Il est donc nécessaire d'agir, au niveau européen, pour obtenir la mise au point d'un cahier des charges commun à tous les organismes notifiés définissant clairement la procédure aboutissant à la délivrance du marquage CE. Cette méthodologie homogène fait aujourd'hui défaut. En conséquence, le niveau d'exigence peut varier selon les organismes et les pays d'origine. Certains fabricants se livrent à du « forum shopping » . Cette pratique consiste, pour ceux-ci, à faire examiner leurs produits par un organisme notifié moins regardant après avoir subi un premier refus de certification.

Proposition n° 1 :
Mettre au point un cahier des charges commun à tous les organismes notifiés

Des mesures visant à garantir, au sein des organismes notifiés, un niveau de compétence et des capacités d'expertise suffisants, permettraient donc de corriger les pratiques anticoncurrentielles qui se développent actuellement au bénéfice des structures les plus laxistes et au détriment des citoyens.

Si l'on en croit les témoignages recueillis par la mission, les fabricants ne sont pas opposés à des actions dans ce sens. Auditionné par la mission d'information, M. Eric Le Roy, directeur général du Syndicat national de l'industrie des technologies médicales (Snitem), organisation professionnelle représentant l'industrie du dispositif médical, a ainsi estimé « qu'une meilleure harmonisation éliminerait les moins-disant » . Déplorant le trop grand nombre d'organismes notifiés, il n'en a pas moins souligné l'importance, pour les industriels, d'avoir des interlocuteurs sérieux. Il a également reconnu leur attachement à un marquage CE fiable et incontestable.
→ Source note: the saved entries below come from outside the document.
(* Let $p,n\ge1$ and let $u_j,v_j\in E^p$ for $j=1,\dots,n$. Put $u=\sum_{j=1}^n u_j$ and $v=\sum_{j=1}^n v_j$. Then $$D(u,v)\le\sum_{j=1}^n D(u_j,v_j).$$
   Context: A fuzzy subset of $\mathbb{R}^p$ is a function $u:\mathbb{R}^p\to[0,1]$. Its $\alpha$-cut is $[u]_\alpha=\{x\in\mathbb{R}^p: u(x)\ge\alpha\}$ for $\alpha\in(0,1]$, and $[u]_0=\overline{\{x\in\mathbb{R}^p: u(x)>0\}}$. The set $E^p$ of $p$-dimensional fuzzy numbers consists of all fuzzy subsets $u$ of $\mathbb{R}^p$ such that $[u]_\alpha$ is a nonempty compact convex subset of $\mathbb{R}^p$ for every $\alpha\in[0,1]$. For $u,v\in E^p$, $u+v$ is the element of $E^p$ determined by $[u+v]_\alpha=\{x+y: x\in[u]_\alpha,\ y\in[v]_\alpha\}$ for all $\alpha\in[0,1]$. The sendograph of $u\in E^p$ is $\mathrm{send}\,u=\{(x,\alpha)\in[u]_0\times[0,1]: u(x)\ge\alpha\}\subset\mathbb{R}^{p+1}$. For nonempty compact $U,V\subset\mathbb{R}^{p+1}$ (with the Euclidean metric $d$), the Hausdorff metric is $H(U,V)=\max\{H^*(U,V),H^*(V,U)\}$ with $H^*(U,V)=\sup_{a\in U}\inf_{b\in V}d(a,b)$. The sendograph metric on $E^p$ is $D(u,v)=H(\mathrm{send}\,u,\mathrm{send}\,v)$. *)

(* Points of R^p are row vectors 'rV[R]_p,
   with the library topology (equivalent to the Euclidean one). *)
From HB Require Import structures.
From mathcomp Require Import all_boot all_order all_algebra.
From mathcomp Require Import all_classical all_reals all_analysis.
Set Implicit Arguments. Unset Strict Implicit. Unset Printing Implicit Defensive.
Import Order.TTheory GRing.Theory Num.Theory.
Import numFieldNormedType.Exports.
Local Open Scope classical_set_scope.
Local Open Scope ring_scope.

Section Fuzzy.
Variables (R : realType) (p : nat).

(* a fuzzy subset of R^p : a function R^p -> [0,1] (range condition in fuzzy_number) *)
Definition fuzzy := 'rV[R]_p -> R.

Definition acut (u : fuzzy) (a : R) : set 'rV[R]_p :=
  if 0 < a then [set x | a <= u x] else closure [set x | 0 < u x].

Definition convex_set (S : set 'rV[R]_p) : Prop :=
  forall x y t, S x -> S y -> 0 <= t <= 1 -> S (t *: x + (1 - t) *: y).

Definition fuzzy_number (u : fuzzy) : Prop :=
  (forall x, 0 <= u x <= 1) /\
  forall a, 0 <= a <= 1 ->
    acut u a !=set0 /\ compact (acut u a) /\ convex_set (acut u a).

Definition minkowski_sum n (S : 'I_n -> set 'rV[R]_p) : set 'rV[R]_p :=
  [set z | exists xs : 'I_n -> 'rV[R]_p, (forall j, S j (xs j)) /\ z = \sum_(j < n) xs j].

Definition is_fuzzy_sum n (us : 'I_n -> fuzzy) (u : fuzzy) : Prop :=
  fuzzy_number u /\
  forall a, 0 <= a <= 1 -> acut u a = minkowski_sum (fun j => acut (us j) a).

Definition send (u : fuzzy) : set ('rV[R]_p * R) :=
  [set xa | acut u 0 xa.1 /\ 0 <= xa.2 <= 1 /\ xa.2 <= u xa.1].

Definition edist (a b : 'rV[R]_p * R) : R :=
  Num.sqrt (\sum_(i < p) (a.1 0 i - b.1 0 i) ^+ 2 + (a.2 - b.2) ^+ 2).

Definition hausdorff_star (U V : set ('rV[R]_p * R)) : R :=
  sup [set r | exists2 a, U a & r = inf [set s | exists2 b, V b & s = edist a b]].

Definition hausdorff (U V : set ('rV[R]_p * R)) : R :=
  Num.max (hausdorff_star U V) (hausdorff_star V U).

Definition send_dist (u v : fuzzy) : R := hausdorff (send u) (send v).

End Fuzzy.

(* A point (x, a) of send u is (sum_j x_j, a) with (x_j, a) in send u_j.  Pick
   points (y_j, b_j) of send v_j nearly closest to (x_j, a) and let b be the least
   b_j: since cuts shrink as the level grows, (sum_j y_j, b) lies in send v.  As
   |a - b| <= sum_j |a - b_j|, the triangle inequality for the Euclidean norm of
   R^(p+1) bounds its distance to (x, a) by sum_j d((x_j, a), (y_j, b_j)).  Hence
   H*(send u, send v) <= sum_j H*(send u_j, send v_j), and symmetrically. *)

From Pilot Require Import Defs.
From HB Require Import structures.
From mathcomp Require Import all_boot all_order all_algebra.
From mathcomp Require Import all_classical all_reals all_analysis.
From mathcomp Require Import ring lra.
Set Implicit Arguments.
Unset Strict Implicit.
Unset Printing Implicit Defensive.
Import Order.TTheory GRing.Theory Num.Theory.
Local Open Scope classical_set_scope.
Local Open Scope ring_scope.

Section EuclideanNorm.
Variables (R : realType) (I : finType).
Implicit Types f g : I -> R.

Definition l2norm f : R := Num.sqrt (\sum_i f i ^+ 2).

Lemma sum_sqr_ge0 f : 0 <= \sum_i f i ^+ 2.
Proof. by apply: sumr_ge0 => i _; rewrite sqr_ge0. Qed.

Lemma l2norm_ge0 f : 0 <= l2norm f.
Proof. exact: sqrtr_ge0. Qed.

Lemma l2normK f : l2norm f ^+ 2 = \sum_i f i ^+ 2.
Proof. by rewrite sqr_sqrtr // sum_sqr_ge0. Qed.

Lemma l2norm_eq0 f : l2norm f = 0 -> f =1 (fun=> 0).
Proof.
move=> /eqP; rewrite sqrtr_eq0 => le0 i; apply/eqP; rewrite -sqrf_eq0.
have /psumr_eq0P-> // : \sum_i f i ^+ 2 = 0.
  by apply/eqP; rewrite eq_le le0 sum_sqr_ge0.
by move=> j _; rewrite sqr_ge0.
Qed.

Lemma l2norm_CauchySchwarz f g : \sum_i f i * g i <= l2norm f * l2norm g.
Proof.
set A := l2norm f; set B := l2norm g.
have [A0|] := eqVneq A 0.
  by rewrite A0 mul0r big1 // => i _; rewrite (l2norm_eq0 A0) mul0r.
have [B0 _|nzB nzA] := eqVneq B 0.
  by rewrite B0 mulr0 big1 // => i _; rewrite (l2norm_eq0 B0) mulr0.
have AB_gt0 : 0 < A * B by rewrite mulr_gt0 // lt_def ?nzA ?nzB l2norm_ge0.
have : 0 <= \sum_i (B * f i - A * g i) ^+ 2 by apply: sum_sqr_ge0.
have -> : \sum_i (B * f i - A * g i) ^+ 2 =
    B ^+ 2 * \sum_i f i ^+ 2 + A ^+ 2 * \sum_i g i ^+ 2
    - 2 * (A * B) * \sum_i f i * g i.
  rewrite !mulr_sumr -big_split -sumrB /=.
  by apply: eq_bigr => i _; ring.
rewrite -!l2normK -/A -/B subr_ge0 => h.
have two_AB_gt0 : 0 < 2 * (A * B) by rewrite mulr_gt0.
rewrite -(ler_pM2l two_AB_gt0); apply: (le_trans h).
by rewrite le_eqVlt; apply/orP; left; apply/eqP; ring.
Qed.

Lemma l2normD f g : l2norm (f \+ g) <= l2norm f + l2norm g.
Proof.
rewrite -[X in _ <= X]ger0_norm ?addr_ge0 ?l2norm_ge0 // -sqrtr_sqr.
rewrite ler_wsqrtr // sqrrD !l2normK.
under eq_bigr do rewrite sqrrD.
have := l2norm_CauchySchwarz f g.
rewrite !big_split /= mulr2n; lra.
Qed.

Lemma l2norm_sum (J : Type) (r : seq J) (F : J -> I -> R) :
  l2norm (fun i => \sum_(j <- r) F j i) <= \sum_(j <- r) l2norm (F j).
Proof.
elim: r => [|j r IHr].
  by rewrite big_nil /l2norm big1 ?sqrtr0 // => i _; rewrite big_nil expr0n.
rewrite big_cons; under eq_fun do rewrite big_cons.
by apply: le_trans (l2normD _ _) _; rewrite lerD2l.
Qed.

Lemma l2norm_le f g : (forall i, `|f i| <= `|g i|) -> l2norm f <= l2norm g.
Proof.
move=> fg; apply/ler_wsqrtr/ler_sum => i _.
rewrite -[f i ^+ 2]real_normK ?num_real // -[g i ^+ 2]real_normK ?num_real //.
by rewrite lerXn2r ?nnegrE.
Qed.

End EuclideanNorm.

Lemma ler_mx_entry_norm {R : realDomainType} {m n : nat} (x : 'M[R]_(m, n)) i j :
  `|x i j| <= `|x|.
Proof. by rewrite [X in _ <= X]/Num.norm /= mx_normrE (le_bigmax _ _ (i, j)). Qed.

Section Sendograph.
Variables (R : realType) (p : nat).
Implicit Types (w : fuzzy R p) (a b : 'rV[R]_p * R).

Definition coord a : 'I_p + 'I_1 -> R :=
  fun i => if i is inl k then a.1 0 k else a.2.

Lemma edistE a b : Defs.edist a b = l2norm (fun i => coord a i - coord b i).
Proof. by rewrite /Defs.edist /l2norm big_sumType big_ord1. Qed.

Lemma edist_sum_le n (xs : 'I_n -> 'rV[R]_p) c (bs : 'I_n -> 'rV[R]_p * R) d :
  `|c - d| <= \sum_j `|c - (bs j).2| ->
  Defs.edist (\sum_j xs j, c) (\sum_j (bs j).1, d) <=
    \sum_j Defs.edist (xs j, c) (bs j).
Proof.
move=> cd; rewrite edistE (eq_bigr _ (fun j _ => edistE _ _)).
set e := fun j i => coord (xs j, c) i - coord (bs j) i.
apply: (@le_trans _ _ (l2norm (fun i => \sum_j `|e j i|))).
  apply: l2norm_le => i; rewrite [X in _ <= X]ger0_norm ?sumr_ge0 // /e.
  by case: i => [k|i] //=; rewrite !summxE -sumrB ler_norm_sum.
apply: le_trans (l2norm_sum _ (fun j i => `|e j i|)) _.
by apply: ler_sum => j _; apply: l2norm_le => i; rewrite normr_id.
Qed.

Lemma acut_le w (b b' : R) : b <= b' -> acut w b' `<=` acut w b.
Proof.
rewrite /acut => bb' x; case: ifP => b'_gt0; case: ifP => b_gt0 //.
- exact: le_trans.
- by move=> b'x; apply: subset_closure; rewrite /= (lt_le_trans b'_gt0).
- by rewrite (lt_le_trans b_gt0 bb') in b'_gt0.
Qed.

Lemma fuzzy_number_ge0 w : fuzzy_number w -> forall x, 0 <= w x.
Proof. by case=> w01 _ x; case/andP: (w01 x). Qed.

(* At level [0] the bound [a <= w x] required by [send] comes from [w >= 0]. *)
Lemma sendP w x (a : R) : (forall x, 0 <= w x) ->
  send w (x, a) <-> 0 <= a <= 1 /\ acut w a x.
Proof.
rewrite /send /acut /= ltxx => w_ge0; split.
  by case=> w0x [a01 aw]; split => //; case: ifP.
case=> /andP[a0 a1]; case: ifP => [a_gt0 aw|a_le0 w0x].
  by split; [apply: subset_closure; rewrite /= (lt_le_trans a_gt0)|rewrite a0 a1].
split; rewrite ?a0 ?a1 //; split => //.
by apply: le_trans (w_ge0 x); rewrite leNgt a_le0.
Qed.

Lemma send_neq0 w : fuzzy_number w -> send w !=set0.
Proof.
move=> wE; have [_ /(_ 0)] := wE; rewrite lexx ler01 => /(_ isT) [[x w0x] _].
by exists (x, 0); apply/(sendP _ _ (fuzzy_number_ge0 wE)); rewrite lexx ler01.
Qed.

Lemma send_coord_bounded w : fuzzy_number w ->
  exists B, forall a, send w a -> forall i, `|coord a i| <= B.
Proof.
move=> wE; have [_ /(_ 0)] := wE; rewrite lexx ler01 => /(_ isT) [_ [cpt_w0 _]].
have [M [_ bndM]] := compact_bounded cpt_w0.
exists (Num.max (M + 1) 1) => -[x a] /(sendP _ _ (fuzzy_number_ge0 wE)).
case=> /andP[a0 a1] wax [k|i] /=; rewrite le_max.
  apply/orP; left; apply: le_trans (ler_mx_entry_norm x 0 k) _.
  by apply: (bndM (M + 1)); [rewrite ltrDl | apply: acut_le wax].
by rewrite ger0_norm ?a1 ?orbT.
Qed.

Definition set_dist a (V : set ('rV[R]_p * R)) : R :=
  inf [set s | exists2 b, V b & s = Defs.edist a b].

Lemma set_dist_le a V b : V b -> set_dist a V <= Defs.edist a b.
Proof.
move=> Vb; apply: ge_inf; last by exists b.
by exists 0 => _ [c _ ->]; apply: sqrtr_ge0.
Qed.

Lemma set_dist_approx a V e : V !=set0 -> 0 < e ->
  exists2 b, V b & Defs.edist a b < set_dist a V + e.
Proof.
move=> [b0 Vb0] e_gt0; have : set_dist a V < set_dist a V + e by rewrite ltrDl.
by case/inf_lt => [|_ [b Vb ->]]; [exists (Defs.edist a b0), b0 | exists b].
Qed.

Lemma set_dist_ubound U V : V !=set0 ->
    (exists B, forall a, U a -> forall i, `|coord a i| <= B) ->
  has_ubound [set r | exists2 a, U a & r = set_dist a V].
Proof.
move=> [b0 Vb0] [B coordB].
exists (l2norm (fun _ : 'I_p + 'I_1 => B) + l2norm (fun i => - coord b0 i)).
move=> _ [a Ua ->].
apply: le_trans (set_dist_le _ Vb0) _; rewrite edistE.
apply: le_trans (l2normD (coord a) (fun i => - coord b0 i)) _; rewrite lerD2r.
by apply: l2norm_le => i; apply: le_trans (coordB a Ua i) (ler_norm _).
Qed.

Lemma hausdorff_star_ge U V a :
    has_ubound [set r | exists2 a, U a & r = set_dist a V] ->
  U a -> set_dist a V <= hausdorff_star U V.
Proof. by move=> ubU Ua; apply: (ub_le_sup ubU); exists a. Qed.

Lemma hausdorff_star_le U V c : U !=set0 ->
  (forall a, U a -> set_dist a V <= c) -> hausdorff_star U V <= c.
Proof.
move=> [a0 Ua0] le_c; apply: ge_sup; first by exists (set_dist a0 V), a0.
by move=> _ [a Ua ->]; apply: le_c.
Qed.

Lemma send_sum_min_level n (vs : 'I_n -> fuzzy R p) v (bs : 'I_n -> 'rV[R]_p * R) k :
    (forall j, fuzzy_number (vs j)) -> is_fuzzy_sum vs v ->
    (forall j, send (vs j) (bs j)) -> (forall j, (bs k).2 <= (bs j).2) ->
  send v (\sum_j (bs j).1, (bs k).2).
Proof.
move=> vsE [vE v_cuts] bs_send bk_min.
have bs_cut j : 0 <= (bs j).2 <= 1 /\ acut (vs j) (bs j).2 (bs j).1.
  by move: (bs_send j); case: (bs j) => x a /(sendP _ _ (fuzzy_number_ge0 (vsE j))).
have [/andP[bk0 bk1] _] := bs_cut k.
apply/(sendP _ _ (fuzzy_number_ge0 vE)); split; first by rewrite bk0 bk1.
rewrite v_cuts ?bk0 ?bk1 //; exists (fun j => (bs j).1); split => // j.
by have [_ /(acut_le (bk_min j))] := bs_cut j.
Qed.

Lemma hausdorff_star_send_sum n (us vs : 'I_n -> fuzzy R p) u v : (0 < n)%N ->
    (forall j, fuzzy_number (us j)) -> (forall j, fuzzy_number (vs j)) ->
    is_fuzzy_sum us u -> is_fuzzy_sum vs v ->
  hausdorff_star (send u) (send v) <=
    \sum_j hausdorff_star (send (us j)) (send (vs j)).
Proof.
move=> n_gt0 usE vsE [uE u_cuts] vF.
apply: hausdorff_star_le (send_neq0 uE) _ => -[x a].
move=> /(sendP _ _ (fuzzy_number_ge0 uE)) [a01 ux].
rewrite u_cuts // in ux; case: ux => xs [xs_cut ->].
apply/ler_addgt0Pr => e e_gt0.
have en_gt0 : 0 < e / n%:R by rewrite divr_gt0 // ltr0n.
have /choice[bs bs_near] j : exists b, send (vs j) b /\
    Defs.edist (xs j, a) b < set_dist (xs j, a) (send (vs j)) + e / n%:R.
  by have [b] := set_dist_approx (xs j, a) (send_neq0 (vsE j)) en_gt0; exists b.
have [k _ bk_min] := arg_minP (fun j => (bs j).2) (isT : xpredT (Ordinal n_gt0)).
have bs_send j := (bs_near j).1.
have := send_sum_min_level vsE vF bs_send (fun j => bk_min j isT).
move=> /(set_dist_le (\sum_j xs j, a)) /le_trans; apply.
have level_k : `|a - (bs k).2| <= \sum_j `|a - (bs j).2|.
  by rewrite [X in _ <= X](bigD1 k) //= lerDl sumr_ge0.
apply: le_trans (edist_sum_le xs level_k) _.
apply: le_trans (ler_sum _ (fun j _ => ltW (bs_near j).2)) _.
rewrite big_split /= sumr_const card_ord.
have -> : e / n%:R *+ n = e by rewrite -mulr_natr divfK // pnatr_eq0 -lt0n.
rewrite lerD2r; apply: ler_sum => j _.
have ub := set_dist_ubound (send_neq0 (vsE j)) (send_coord_bounded (usE j)).
apply: hausdorff_star_ge ub _.
exact/(sendP _ _ (fuzzy_number_ge0 (usE j))).
Qed.

End Sendograph.

Theorem theorem2p4 (R : realType) (p n : nat) (hp : (0 < p)%N) (hn : (0 < n)%N)
  (us vs : 'I_n -> fuzzy R p) (u v : fuzzy R p)
  (hus : forall j, fuzzy_number (us j)) (hvs : forall j, fuzzy_number (vs j))
  (hu : is_fuzzy_sum us u) (hv : is_fuzzy_sum vs v) :
  send_dist u v <= \sum_(j < n) send_dist (us j) (vs j).
Proof.
rewrite /send_dist /hausdorff ge_max; apply/andP; split.
  apply: le_trans (hausdorff_star_send_sum hn hus hvs hu hv) _.
  by apply: ler_sum => j _; rewrite le_max lexx.
apply: le_trans (hausdorff_star_send_sum hn hvs hus hv hu) _.
by apply: ler_sum => j _; rewrite le_max lexx orbT.
Qed.
Section Triangulated.
Variables (n : nat) (D : {set diag n}) (a b : 'I_n).
Hypotheses (TD : triangulation D) (alphaD : inl (a, b) \in D).
Local Notation alpha := (inl (a, b) : diag n).

Lemma raw_arrows_across e f :
  e \in D :\ alpha -> f \in D :\ alpha ->
  disk_side a b e != disk_side a b f -> raw_arrows D e f = 0.
Proof.
have [Dvalid Dnc _] := TD; have /andP[ab _] := Dvalid _ alphaD.
rewrite !inE => /andP[ne eD] /andP[nf fD] sep.
have no_corner v : ~~ corner_at D v e f.
  case re: (rank_at v e) => [r|]; last by rewrite /corner_at re !andbF.
  case rf: (rank_at v f) => [s|]; last by rewrite /corner_at re rf !andbF.
  have [t rt between] := rank_at_separates ab (Dvalid _ eD) (Dvalid _ fD)
    (Dnc _ _ alphaD eD) (Dnc _ _ alphaD fD) ne nf sep re rf.
  exact: corner_at_blocked alphaD re rf rt between.
have no_puncture_corner : corner_at_puncture D e f = false.
  by move: sep; case: e f {ne nf eD fD no_corner} => [[? ?]|[? ?]] [[? ?]|[? ?]].
rewrite /raw_arrows no_puncture_corner addn0; apply/eqP; rewrite cards_eq0.
by apply/eqP/setP => v; rewrite !inE (negbTE (no_corner v)).
Qed.

Lemma disk_side_closed : closed (factor_out_adj D alpha) (disk_side a b).
Proof.
move=> e f /and3P[eD fD arrows]; apply/eqP; apply: contraTT arrows => sep.
by rewrite /quiver_arrows !raw_arrows_across // eq_sym.
Qed.

Lemma in_or_crossed d : valid_diag d -> exists2 g, g \in D & g = d \/ cross d g.
Proof.
have [_ _ Dmax] := TD => vd.
have [dD|dnD] := boolP (d \in D); first by exists d; [|left].
by have [g gD cg] := Dmax d vd dnD; exists g; [|right].
Qed.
Il est donc unanimement reconnu qu'un effort important en matière de transparence du processus de certification des dispositifs médicaux doit être réalisé de la part de tous les acteurs concernés et, en premier lieu, des organismes notifiés. Toutefois, c'est l'insuffisance des règles en vigueur qui contribue largement à la situation actuelle. Il appartient donc au législateur européen, mais aussi aux différents organes de concertation mis en place sur le sujet, comme le N-Bog ou Team-NB, l'association des organismes notifiés européens, de s'emparer du sujet, de faire avancer les bonnes pratiques et d'inciter tous les acteurs à les adopter.

En conséquence, les pouvoirs des organismes notifiés en matière de contrôle et d'inspection doivent être mieux exercés et, dans certains cas, renforcés. Il en va ainsi de la réalisation de visites inopinées au fabricant , déjà prévues par la directive 93/42/CEE mais très peu effectuées en pratique. Pourtant, dans le cadre d'une fraude de grande ampleur comme l'affaire PIP, l'effet de surprise est le seul moyen de découvrir la tromperie et de confondre les coupables. De même, la fréquence des audits des fabricants par les organismes notifiés , qui ne fait l'objet d'aucune harmonisation européenne en dehors du contrôle réalisé, tous les cinq ans, lors de la recertification d'un dispositif médical, devrait être précisément définie.

Proposition n° 2 :
Multiplier les contrôles inopinés chez les fabricants


* 64 Dans sa base de données Nando, à la date du 10 juillet 2012.

* 65 Afssaps - DGS, Etat des lieux des contrôles opérés par les autorités sanitaires sur la société Poly Implant Prothèse, février 2012.